Recent Internet discoveries, literary and not

The Internet, at times the source of curious obsessions such as a balloon floating above the Colorado landscape or repeated versions of a talk-show host’s admittance of “creepy” behaviour, has been coughing up remarkable material from the Jewish cultural past.

In Canada, the CBC Digital Archives plays a steady catalogue of early performances and interviews with Leonard Cohen and Mordecai Richler, the most entertaining of which is the 1966 meeting between a young Adrienne Clarkson and a largely deferential Cohen as they discuss why critics are calling his novel Beautiful Losers “the most revolting book ever written in Canada.”

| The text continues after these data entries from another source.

Definition s_one : cis := cidx (fun n _ => (n == 0%N)%:Z).
Definition s_X : cis := cidx (fun n _ => (n == 1%N)%:Z).
Definition s_E : cis := cidx (fun n _ => 1).
Definition s_En (k : nat) : cis := cidx (fun n _ => (n == k)%:Z).
Definition s_Erange (m k : nat) : cis :=
  cidx (fun n _ => ((m <= n) && (n < k))%N%:Z).
Definition s_Elt (k : nat) : cis := s_Erange 0 k.
Definition s_Eneg : cis := cinv s_E.                                    (* E(-X) *)

Definition Qst (s t : nat) : cis :=
  csub (cmul (cadd (cadd s_one s_X) (s_Erange 2 (2 + s)))
             (ccomp s_E (cmul s_X (csub (cmul (s_Elt (1 + t)) s_Eneg) s_one))))
       s_one.

Definition Vst (s t : nat) : cis :=
  csub (csub (cmul s_X s_X) (cscale (0 < t)%N%:R (cmul s_X s_X)))
       (cscale (0 < s)%N%:R (s_En 2)).

(* isomorphism type generating series: substitute p_k = x^k;
   coefficient of x^n (read off from the truncation at level n) *)
Definition isotype (F : cis) (n : nat) : rat :=
  (mmap (fun c : rat => c%:P) (fun i : 'I_n => ('X^(i.+1) : {poly rat})) (F n))`_n.

From HB Require Import structures.
From mathcomp Require Import all_boot all_order all_algebra all_fingroup.
From mathcomp Require Import mpoly.
Set Implicit Arguments. Unset Strict Implicit. Unset Printing Implicit Defensive.
Import GRing.Theory Num.Theory.
Local Open Scope ring_scope.

(* Substituting p_k := x^k in a cycle index series is a ring morphism that is blind to
   truncation and turns the stretching p_l |-> p_(j l) into x |-> x^j.  Hence the
   isomorphism type series of sums, products and of E(-X) = 1/E(X) are computed from
   those of their constituents, and when G has series -x^d the series of E(G) is
   sum_n x^(d n) / n! * sum_(sigma in S_n) (-1)^(number of cycles of sigma).
   Multiplying by a fixed transposition flips the parity of the number of cycles, so
   this signed count vanishes for n >= 2 and E(G) has series 1 - x^d.  The argument
   G = X (E_{<1+t}(X) E(-X) - 1) of Q^{s,t} has series x ((1 - x^(t+1)) - 1) = -x^(t+2),
   so Q^{s,t} has series (1 + x + ... + x^(s+1)) (1 - x^(t+2)) - 1. *)

Section Agreement.
Variable R : comNzRingType.
Implicit Types p q r : {poly R}.

Definition agree N p q := forall k, (k <= N)%N -> p`_k = q`_k.

Lemma agree_sym N p q : agree N p q -> agree N q p.
Proof. by move=> Epq k le_kN; rewrite Epq. Qed.

Lemma agree_trans N p q r : agree N p q -> agree N q r -> agree N p r.
Proof. by move=> Epq Eqr k le_kN; rewrite Epq ?Eqr. Qed.

Lemma agreeD N p q p' q' :
  agree N p p' -> agree N q q' -> agree N (p + q) (p' + q').
Proof. by move=> Ep Eq k le_kN; rewrite !coefD Ep ?Eq. Qed.

Lemma agreeN N p p' : agree N p p' -> agree N (- p) (- p').
Proof. by move=> Ep k le_kN; rewrite !coefN Ep. Qed.

Lemma agreeB N p q p' q' :
  agree N p p' -> agree N q q' -> agree N (p - q) (p' - q').
Proof. by move=> Ep Eq; apply/agreeD/agreeN. Qed.

Lemma agreeZ N c p p' : agree N p p' -> agree N (c *: p) (c *: p').
Proof. by move=> Ep k le_kN; rewrite !coefZ Ep. Qed.

Lemma agreeM N p q p' q' :
  agree N p p' -> agree N q q' -> agree N (p * q) (p' * q').
Proof.
move=> Ep Eq k le_kN; rewrite !coefM; apply: eq_bigr => i _.
have le_ik : (i <= k)%N by rewrite -ltnS.
by rewrite Ep ?Eq // (leq_trans _ le_kN) ?leq_subr.
Qed.

Lemma agree_sum N (I : Type) (r : seq I) (P : pred I) (F G : I -> {poly R}) :
  (forall i, P i -> agree N (F i) (G i)) ->
  agree N (\sum_(i <- r | P i) F i) (\sum_(i <- r | P i) G i).
Proof. by move=> EFG; apply: (big_ind2 (agree N)) => // *; apply: agreeD. Qed.

Lemma agree_prod N (I : Type) (r : seq I) (P : pred I) (F G : I -> {poly R}) :
  (forall i, P i -> agree N (F i) (G i)) ->
  agree N (\prod_(i <- r | P i) F i) (\prod_(i <- r | P i) G i).
Proof. by move=> EFG; apply: (big_ind2 (agree N)) => // *; apply: agreeM. Qed.

Lemma agreeX N p p' e : agree N p p' -> agree N (p ^+ e) (p' ^+ e).
Proof. by move=> Ep; elim: e => // e IHe; rewrite !exprS; apply: agreeM. Qed.

Lemma agree_mulXn0 N m p : (N < m)%N -> agree N (p * 'X^m) 0.
Proof. by move=> lt_Nm k le_kN; rewrite coefMXn coef0 (leq_ltn_trans le_kN). Qed.

Lemma agree_expS0 N p : p`_0 = 0 -> agree N (p ^+ N.+1) 0.
Proof.
move=> p0_0; have -> : p = drop_poly 1 p * 'X^1.
  rewrite -[LHS](poly_take_drop 1) -[RHS]add0r; congr (_ + _).
  by apply/polyP => -[|i]; rewrite coef_take_poly coef0.
by rewrite exprMn -exprM; apply: agree_mulXn0; rewrite mul1n.
Qed.

Lemma agree_comp_Xn N d p q :
  (0 < d)%N -> agree N p q -> agree N (p \Po 'X^d) (q \Po 'X^d).
Proof.
move=> d_gt0 Epq k le_kN; rewrite !coef_comp_poly_Xn //; case: (d %| k)%N => //.
exact/Epq/(leq_trans (leq_div _ _)).
Qed.

End Agreement.

Lemma agree_mmap n (S : nzRingType) (R : comNzRingType) (f : S -> {poly R})
    (h1 h2 : 'I_n -> {poly R}) N p :
  (forall i, agree N (h1 i) (h2 i)) -> agree N (mmap f h1 p) (mmap f h2 p).
Proof.
move=> Eh; apply: agree_sum => m _; apply: agreeM => //.
by apply: agree_prod => i _; apply: agreeX.
Qed.

Lemma rmorph_mmap n (R S S' : nzRingType) (f : R -> S) (h : 'I_n -> S)
    (g : {rmorphism S -> S'}) p :
  g (mmap f h p) = mmap (g \o f) (g \o h) p.
Proof.
rewrite /mmap rmorph_sum; apply: eq_bigr => m _.
by rewrite rmorphM rmorph_prod; congr (_ * _); apply: eq_bigr => i _; rewrite rmorphXn.
Qed.

Lemma eq_mmap n (R S : nzRingType) (f1 f2 : R -> S) (h1 h2 : 'I_n -> S) :
  f1 =1 f2 -> h1 =1 h2 -> mmap f1 h1 =1 mmap f2 h2.
Proof.
by move=> Ef Eh p; apply: eq_bigr => m _; rewrite Ef (mmap1_eq _ Eh).
Qed.

Lemma mmap_polyCZ N (h : 'I_N -> {poly rat}) c p :
  mmap polyC h (c *: p) = c *: mmap polyC h p.
Proof. by rewrite mmapZ mul_polyC. Qed.

Lemma mmap_polyC_comp K N (h : 'I_K -> {poly rat}) (lq : N.-tuple {mpoly rat[K]}) p :
  mmap polyC h (comp_mpoly lq p) = mmap polyC (fun i => mmap polyC h (tnth lq i)) p.
Proof. by rewrite rmorph_mmap; apply: eq_mmap => // c /=; rewrite mmapC. Qed.

Lemma mmap_pv N (H : nat -> {poly rat}) k : (0 < k <= N)%N ->
  mmap polyC (fun i : 'I_N => H i.+1) (pv N k) = H k.
Proof.
case: k => // k /andP[_ lt_kN].
by rewrite raddf_sum /= (big_pred1 (Ordinal lt_kN)) ?mmapX ?mmap1U.
Qed.

Lemma pv_overflow N k : (N < k)%N -> pv N k = 0.
Proof.
move=> lt_Nk; rewrite /pv big_pred0 // => i; apply: contraTF lt_Nk => /eqP <-.
by rewrite -leqNgt.
Qed.

Local Notation isosubst := (mmap (@polyC rat) (fun i : ordinal _ => 'X^(i.+1))).

Lemma isosubst_monomial N (m : 'X_{1..N}) : isosubst 'X_[m] = 'X^(wdeg m).
Proof.
by rewrite mmapX /mmap1 /wdeg -prodrXr; apply: eq_bigr => i _; rewrite exprM.
Qed.

Lemma isosubst_pv N k : (0 < k <= N)%N -> isosubst (pv N k) = 'X^k.
Proof. exact: (mmap_pv (fun k => 'X^k)). Qed.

A striking appearance out of the American past that was, for a time, a YouTube favourite, is the eight-minute routine by a Yiddish comic – decked out in boater and bow tie – going by the name of Shepsil Kanarek. Playing on the Old World-New World divide in America, the routine recounts, largely but not entirely in Yiddish, the efforts of a cantorial hopeful to impress synagogue committees made up of presidents, treasurers and their wives. The highlight of the piece is Kanarek’s habit, when sensing that his voice might give out, of producing a raw egg from his jacket, piercing its end and drinking it down like a Jewish Popeye before embarking on further ostentatious yashmi’enus.

Kanarek seems to have landed from another planet, his Yiddish humour (“In Poughkeepsie iz geven azoi gepakt…) as lost as the Yiddish vaudeville from which he draws his stand-up style.

Even more startling is the recent appearance on YouTube of the 21-second footage titled Anne Frank: The Only Existing Film Images, posted by Anne Frank House in Amsterdam. What would have once remained in the domain of a few researchers and documentary filmmakers at a fee has received, as of this past week, nearly 2-1/2 million visits. There, on a staid Amsterdam street, the camera captures a newly married couple as they descend a set of stairs, while in the background Anne Frank appears as a bystander on a second-floor balcony.

Anne’s iconic status has had a long run, beginning as early as 1952 when the American edition of her diary was published, and buttressed three years later by a successful Broadway play based on the diary. The international success of the diary, its teachability and its appeal to young readers have made it one of the key texts by which we encounter the history of the war.

Anne’s face, in numerous photographs that survived the war and entered the public realm, is known like that of no other victim. These pictures compete with a series of iconic images that were equally or better-known in the postwar years, appearing routinely on book covers and in Holocaust-related documentaries. The three that come to mind most readily are: a still taken from Soviet footage of children at Auschwitz shortly after their liberation; an image of a young boy in a cap and knee socks, hands raised before German guns; and a close-up of a religious Jew, prayer shawl about his shoulders, the laughing faces of German army men behind him.

One wonders if the newly revealed footage of Anne Frank will further her role as a paradigmatic victim of Nazi violence – as the face that documentarists and book designers turn to when they need an image evocative of the war, yet one that is not too disturbing.

These concerns are at the heart of Philip Roth’s 1979 novel The Ghost Writer, which is about America in the middle ’50s. Set in 1956, it captures the moment when the diary was on Broadway, as well as the beginning of an Americanization, some would say the sanitization of the Anne Frank story, making it more appealing to non-Jews and more palatable to Jews in a postwar era when the Cold War, not the Holocaust, was the geopolitical story of the day.

Roth is merciless in his criticism of the Broadway play’s need to highlight Anne’s upbeat humanism, deriving its message from one line from the diary: “I still believe that people are really good at heart,” while avoiding Anne’s recognition of her own identity: “It might even be our religion from which the world and all peoples learn good… We can never become just Netherlanders… we will always remain Jews…”

The ingenious turn in The Ghost Writer, alongside Roth’s critique of the diary’s reception, is his imagining the possibility of Anne alive, after the war, a young woman with writerly ambitions. Proof of the latter is central to Anne s own sense of herself in the diary, where she wrote in May1944 that her “greatest wish is to become a journalist someday and later on a famous writer.”

Roth gives Anne her due, mining the diary for its writerly sophistication, its imaginative power and its particularity. The Ghost Writer has the effect of dispelling aspects of the legendary Anne – the smiling, girlish face, happy in the world – which contribute to a forgetting of her final days at Auschwitz and Bergen-Belsen. Each viewer of the prewar footage of her will contend with the impact of Anne’s reappearance, momentary, endlessly repeatable, on YouTube.

Norman Ravvin’s essays on Holocaust literature are collected in A House of Words: Jewish Writing, Identity and Memory. He is chair of the Concordia Institute for Canadian Jewish Studies.